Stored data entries
↓↓↓

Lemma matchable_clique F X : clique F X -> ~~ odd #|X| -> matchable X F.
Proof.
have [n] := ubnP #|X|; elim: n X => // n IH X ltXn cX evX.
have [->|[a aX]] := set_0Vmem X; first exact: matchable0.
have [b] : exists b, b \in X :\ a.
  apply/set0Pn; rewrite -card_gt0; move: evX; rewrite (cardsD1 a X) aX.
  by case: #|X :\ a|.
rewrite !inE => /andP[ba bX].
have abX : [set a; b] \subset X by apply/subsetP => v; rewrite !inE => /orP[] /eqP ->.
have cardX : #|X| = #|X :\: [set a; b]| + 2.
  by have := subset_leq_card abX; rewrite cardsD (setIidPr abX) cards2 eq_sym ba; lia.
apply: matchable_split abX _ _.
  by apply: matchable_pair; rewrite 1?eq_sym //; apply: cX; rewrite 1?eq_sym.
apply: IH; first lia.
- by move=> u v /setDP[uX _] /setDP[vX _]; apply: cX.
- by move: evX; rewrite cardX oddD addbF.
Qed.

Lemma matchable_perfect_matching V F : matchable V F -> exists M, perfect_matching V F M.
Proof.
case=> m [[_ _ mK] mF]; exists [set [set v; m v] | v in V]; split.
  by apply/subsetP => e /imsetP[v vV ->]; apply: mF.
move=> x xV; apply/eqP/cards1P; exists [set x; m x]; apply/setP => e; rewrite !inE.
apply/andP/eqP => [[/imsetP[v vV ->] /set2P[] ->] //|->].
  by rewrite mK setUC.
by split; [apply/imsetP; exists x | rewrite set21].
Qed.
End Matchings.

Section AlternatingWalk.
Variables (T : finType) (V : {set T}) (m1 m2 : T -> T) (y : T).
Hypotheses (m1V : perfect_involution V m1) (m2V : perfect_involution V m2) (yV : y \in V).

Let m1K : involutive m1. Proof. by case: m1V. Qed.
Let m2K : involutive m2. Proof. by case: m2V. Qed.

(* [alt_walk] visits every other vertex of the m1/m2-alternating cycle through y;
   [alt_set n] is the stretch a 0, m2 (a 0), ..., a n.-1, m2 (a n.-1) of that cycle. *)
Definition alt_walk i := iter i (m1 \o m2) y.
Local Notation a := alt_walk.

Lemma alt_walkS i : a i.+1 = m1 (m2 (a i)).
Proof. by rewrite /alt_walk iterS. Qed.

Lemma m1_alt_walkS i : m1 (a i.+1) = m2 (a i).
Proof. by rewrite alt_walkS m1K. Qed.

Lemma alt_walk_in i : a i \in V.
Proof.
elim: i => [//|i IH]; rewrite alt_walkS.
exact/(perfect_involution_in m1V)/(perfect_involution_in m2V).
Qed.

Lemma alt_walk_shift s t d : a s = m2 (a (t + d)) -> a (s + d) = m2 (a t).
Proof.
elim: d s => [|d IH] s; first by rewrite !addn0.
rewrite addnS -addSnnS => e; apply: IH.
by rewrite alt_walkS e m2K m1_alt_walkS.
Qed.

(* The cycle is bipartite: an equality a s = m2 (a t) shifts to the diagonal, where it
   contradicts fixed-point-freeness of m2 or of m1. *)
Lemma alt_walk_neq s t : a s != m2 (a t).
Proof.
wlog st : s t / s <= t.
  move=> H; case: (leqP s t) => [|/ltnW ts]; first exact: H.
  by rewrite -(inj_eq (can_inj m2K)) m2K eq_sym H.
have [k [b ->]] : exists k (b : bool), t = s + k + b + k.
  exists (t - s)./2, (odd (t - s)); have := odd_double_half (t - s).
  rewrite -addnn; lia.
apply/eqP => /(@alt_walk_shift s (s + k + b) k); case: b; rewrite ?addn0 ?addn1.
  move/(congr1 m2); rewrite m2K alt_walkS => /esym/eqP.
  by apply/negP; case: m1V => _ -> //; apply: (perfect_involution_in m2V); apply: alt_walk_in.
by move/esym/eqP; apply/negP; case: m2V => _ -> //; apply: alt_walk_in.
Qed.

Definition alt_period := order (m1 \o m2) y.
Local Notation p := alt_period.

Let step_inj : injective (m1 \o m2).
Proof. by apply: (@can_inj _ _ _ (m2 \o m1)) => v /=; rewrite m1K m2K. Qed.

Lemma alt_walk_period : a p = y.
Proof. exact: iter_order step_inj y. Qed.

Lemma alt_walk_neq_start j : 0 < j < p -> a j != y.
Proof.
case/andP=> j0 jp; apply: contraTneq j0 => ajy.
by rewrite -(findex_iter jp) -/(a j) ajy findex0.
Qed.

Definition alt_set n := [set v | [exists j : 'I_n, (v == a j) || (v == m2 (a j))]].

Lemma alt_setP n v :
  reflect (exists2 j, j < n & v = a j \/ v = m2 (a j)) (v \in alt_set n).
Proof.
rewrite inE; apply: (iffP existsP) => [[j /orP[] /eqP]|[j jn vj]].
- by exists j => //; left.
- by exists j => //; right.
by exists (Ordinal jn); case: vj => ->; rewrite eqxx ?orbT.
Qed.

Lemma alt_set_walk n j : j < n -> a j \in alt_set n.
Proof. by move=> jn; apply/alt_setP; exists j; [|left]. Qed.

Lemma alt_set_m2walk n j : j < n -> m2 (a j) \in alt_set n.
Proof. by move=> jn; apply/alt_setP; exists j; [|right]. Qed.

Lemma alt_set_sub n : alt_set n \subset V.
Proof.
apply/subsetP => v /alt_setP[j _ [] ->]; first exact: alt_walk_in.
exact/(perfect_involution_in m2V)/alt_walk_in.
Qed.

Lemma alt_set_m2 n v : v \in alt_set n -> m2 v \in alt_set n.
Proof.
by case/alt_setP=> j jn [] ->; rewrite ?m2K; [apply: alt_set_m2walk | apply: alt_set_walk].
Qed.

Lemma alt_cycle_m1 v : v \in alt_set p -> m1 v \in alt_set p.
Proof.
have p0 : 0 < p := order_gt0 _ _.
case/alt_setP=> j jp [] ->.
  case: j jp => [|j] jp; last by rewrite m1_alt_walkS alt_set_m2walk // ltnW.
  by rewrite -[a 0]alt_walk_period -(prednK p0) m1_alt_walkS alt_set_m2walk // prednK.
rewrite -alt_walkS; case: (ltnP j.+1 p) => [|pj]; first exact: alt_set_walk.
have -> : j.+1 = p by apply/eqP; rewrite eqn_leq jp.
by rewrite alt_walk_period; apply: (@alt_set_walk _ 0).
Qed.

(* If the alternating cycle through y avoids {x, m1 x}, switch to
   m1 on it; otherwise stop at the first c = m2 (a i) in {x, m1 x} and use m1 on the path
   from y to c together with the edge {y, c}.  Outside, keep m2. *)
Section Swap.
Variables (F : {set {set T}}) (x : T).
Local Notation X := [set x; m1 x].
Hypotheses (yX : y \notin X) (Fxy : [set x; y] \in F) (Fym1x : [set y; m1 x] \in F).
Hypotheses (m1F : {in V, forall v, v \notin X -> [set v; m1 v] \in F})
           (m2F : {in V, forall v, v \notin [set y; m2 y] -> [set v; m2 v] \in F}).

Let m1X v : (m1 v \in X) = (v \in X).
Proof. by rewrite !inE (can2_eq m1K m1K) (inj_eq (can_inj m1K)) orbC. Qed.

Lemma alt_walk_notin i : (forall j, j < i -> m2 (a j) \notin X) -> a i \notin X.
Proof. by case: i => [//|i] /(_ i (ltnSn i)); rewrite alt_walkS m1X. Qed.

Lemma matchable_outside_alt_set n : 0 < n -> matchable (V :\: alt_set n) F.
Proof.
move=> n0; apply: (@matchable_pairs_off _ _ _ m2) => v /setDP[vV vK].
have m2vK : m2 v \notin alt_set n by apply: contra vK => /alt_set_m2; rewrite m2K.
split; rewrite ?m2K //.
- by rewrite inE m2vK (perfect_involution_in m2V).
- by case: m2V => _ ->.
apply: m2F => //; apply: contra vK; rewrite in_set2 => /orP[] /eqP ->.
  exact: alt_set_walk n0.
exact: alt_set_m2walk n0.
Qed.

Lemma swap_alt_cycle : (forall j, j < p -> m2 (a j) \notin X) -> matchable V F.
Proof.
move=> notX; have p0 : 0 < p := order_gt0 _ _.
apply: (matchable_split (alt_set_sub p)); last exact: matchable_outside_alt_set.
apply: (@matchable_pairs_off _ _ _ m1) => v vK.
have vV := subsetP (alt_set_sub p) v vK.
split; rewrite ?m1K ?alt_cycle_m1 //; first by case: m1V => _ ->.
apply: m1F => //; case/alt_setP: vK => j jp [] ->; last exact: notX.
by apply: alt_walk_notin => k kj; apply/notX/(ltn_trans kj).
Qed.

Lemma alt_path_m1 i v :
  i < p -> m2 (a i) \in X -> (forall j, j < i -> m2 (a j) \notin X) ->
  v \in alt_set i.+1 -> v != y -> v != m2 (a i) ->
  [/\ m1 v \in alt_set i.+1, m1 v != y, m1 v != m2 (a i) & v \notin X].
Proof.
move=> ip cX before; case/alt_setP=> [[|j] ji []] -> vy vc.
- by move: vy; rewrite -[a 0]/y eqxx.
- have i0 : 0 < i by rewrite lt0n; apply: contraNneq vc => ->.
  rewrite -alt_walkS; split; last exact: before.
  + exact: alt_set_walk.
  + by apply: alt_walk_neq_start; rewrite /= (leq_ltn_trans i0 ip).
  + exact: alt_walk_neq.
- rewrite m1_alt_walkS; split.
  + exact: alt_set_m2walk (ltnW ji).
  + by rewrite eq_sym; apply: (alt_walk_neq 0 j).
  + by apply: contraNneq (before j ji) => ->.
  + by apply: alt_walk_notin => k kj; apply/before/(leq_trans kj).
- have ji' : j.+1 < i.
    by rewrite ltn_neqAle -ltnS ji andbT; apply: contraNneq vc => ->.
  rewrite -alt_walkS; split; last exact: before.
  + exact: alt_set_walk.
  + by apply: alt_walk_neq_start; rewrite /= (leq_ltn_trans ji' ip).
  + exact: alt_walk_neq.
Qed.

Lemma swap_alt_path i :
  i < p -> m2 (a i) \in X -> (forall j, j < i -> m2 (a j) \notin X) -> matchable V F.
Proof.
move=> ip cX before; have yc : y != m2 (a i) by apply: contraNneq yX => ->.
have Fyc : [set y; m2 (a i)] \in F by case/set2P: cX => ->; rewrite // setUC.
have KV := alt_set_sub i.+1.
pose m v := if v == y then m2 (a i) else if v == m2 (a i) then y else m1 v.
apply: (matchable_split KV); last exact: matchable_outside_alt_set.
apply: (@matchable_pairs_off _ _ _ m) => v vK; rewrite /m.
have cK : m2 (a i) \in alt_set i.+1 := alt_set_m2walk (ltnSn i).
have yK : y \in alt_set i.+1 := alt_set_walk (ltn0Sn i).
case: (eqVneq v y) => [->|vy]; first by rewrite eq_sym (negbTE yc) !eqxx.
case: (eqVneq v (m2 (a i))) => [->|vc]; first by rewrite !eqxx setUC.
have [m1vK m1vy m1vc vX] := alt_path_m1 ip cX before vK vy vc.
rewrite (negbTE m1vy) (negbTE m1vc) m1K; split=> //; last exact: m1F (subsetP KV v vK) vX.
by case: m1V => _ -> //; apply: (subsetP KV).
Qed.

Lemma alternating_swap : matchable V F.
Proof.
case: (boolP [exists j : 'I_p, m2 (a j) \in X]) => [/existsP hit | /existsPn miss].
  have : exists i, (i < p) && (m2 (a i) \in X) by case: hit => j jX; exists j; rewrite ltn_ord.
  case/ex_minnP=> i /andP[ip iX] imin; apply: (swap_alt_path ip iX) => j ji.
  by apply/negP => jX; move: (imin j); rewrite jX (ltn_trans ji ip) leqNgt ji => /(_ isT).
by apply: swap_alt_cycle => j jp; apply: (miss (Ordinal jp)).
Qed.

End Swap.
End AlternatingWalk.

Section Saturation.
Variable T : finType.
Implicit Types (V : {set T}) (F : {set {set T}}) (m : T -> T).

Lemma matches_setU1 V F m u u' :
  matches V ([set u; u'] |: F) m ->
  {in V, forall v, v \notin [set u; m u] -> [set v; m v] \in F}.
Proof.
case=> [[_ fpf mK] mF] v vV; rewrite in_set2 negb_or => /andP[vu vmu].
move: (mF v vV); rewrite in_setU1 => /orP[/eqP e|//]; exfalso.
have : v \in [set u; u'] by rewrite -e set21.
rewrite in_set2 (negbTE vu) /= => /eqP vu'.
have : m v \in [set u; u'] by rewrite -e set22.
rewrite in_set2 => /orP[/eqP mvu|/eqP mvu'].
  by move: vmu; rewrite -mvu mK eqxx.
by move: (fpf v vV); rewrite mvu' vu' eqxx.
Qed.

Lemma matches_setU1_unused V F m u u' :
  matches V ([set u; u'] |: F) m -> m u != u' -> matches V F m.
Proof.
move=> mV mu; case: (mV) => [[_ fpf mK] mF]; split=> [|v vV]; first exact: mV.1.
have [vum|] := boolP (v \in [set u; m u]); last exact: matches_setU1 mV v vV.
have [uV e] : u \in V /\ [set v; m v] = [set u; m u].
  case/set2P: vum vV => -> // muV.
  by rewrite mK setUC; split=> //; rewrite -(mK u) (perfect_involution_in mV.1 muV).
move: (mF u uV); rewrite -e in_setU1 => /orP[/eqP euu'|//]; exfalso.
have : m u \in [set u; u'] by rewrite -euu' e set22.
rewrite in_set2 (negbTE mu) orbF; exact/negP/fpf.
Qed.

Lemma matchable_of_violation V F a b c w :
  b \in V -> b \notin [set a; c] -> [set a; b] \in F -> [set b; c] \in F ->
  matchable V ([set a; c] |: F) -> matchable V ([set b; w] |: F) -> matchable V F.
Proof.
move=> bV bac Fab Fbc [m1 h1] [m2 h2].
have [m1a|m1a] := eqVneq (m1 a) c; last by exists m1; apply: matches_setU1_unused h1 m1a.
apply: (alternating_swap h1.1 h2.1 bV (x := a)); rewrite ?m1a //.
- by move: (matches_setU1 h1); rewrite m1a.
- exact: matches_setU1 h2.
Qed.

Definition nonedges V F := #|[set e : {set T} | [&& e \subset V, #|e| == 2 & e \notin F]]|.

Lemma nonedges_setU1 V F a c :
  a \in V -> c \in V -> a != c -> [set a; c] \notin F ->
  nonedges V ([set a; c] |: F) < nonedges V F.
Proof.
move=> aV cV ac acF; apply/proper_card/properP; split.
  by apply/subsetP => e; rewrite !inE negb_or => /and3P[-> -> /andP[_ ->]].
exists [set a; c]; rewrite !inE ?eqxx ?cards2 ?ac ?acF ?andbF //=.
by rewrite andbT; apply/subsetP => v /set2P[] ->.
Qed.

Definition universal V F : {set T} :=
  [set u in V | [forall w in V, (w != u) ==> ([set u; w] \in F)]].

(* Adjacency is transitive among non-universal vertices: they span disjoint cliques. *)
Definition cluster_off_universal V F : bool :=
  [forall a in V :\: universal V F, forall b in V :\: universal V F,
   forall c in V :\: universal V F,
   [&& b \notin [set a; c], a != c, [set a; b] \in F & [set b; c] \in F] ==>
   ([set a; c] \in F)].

↑↑↑

- What to produce
In the records above, the line with "elim: i => [//|i IH]; rewrite alt_walkS." marks the start and the line with "rewrite addnS -addSnnS => e; apply: IH." marks the end; copy that stretch exactly, both lines included, and nothing else.

- Solution for this problem
elim: i => [//|i IH]; rewrite alt_walkS.
exact/(perfect_involution_in m1V)/(perfect_involution_in m2V).
Qed.

Lemma alt_walk_shift s t d : a s = m2 (a (t + d)) -> a (s + d) = m2 (a t).
Proof.
elim: d s => [|d IH] s; first by rewrite !addn0.
rewrite addnS -addSnnS => e; apply: IH.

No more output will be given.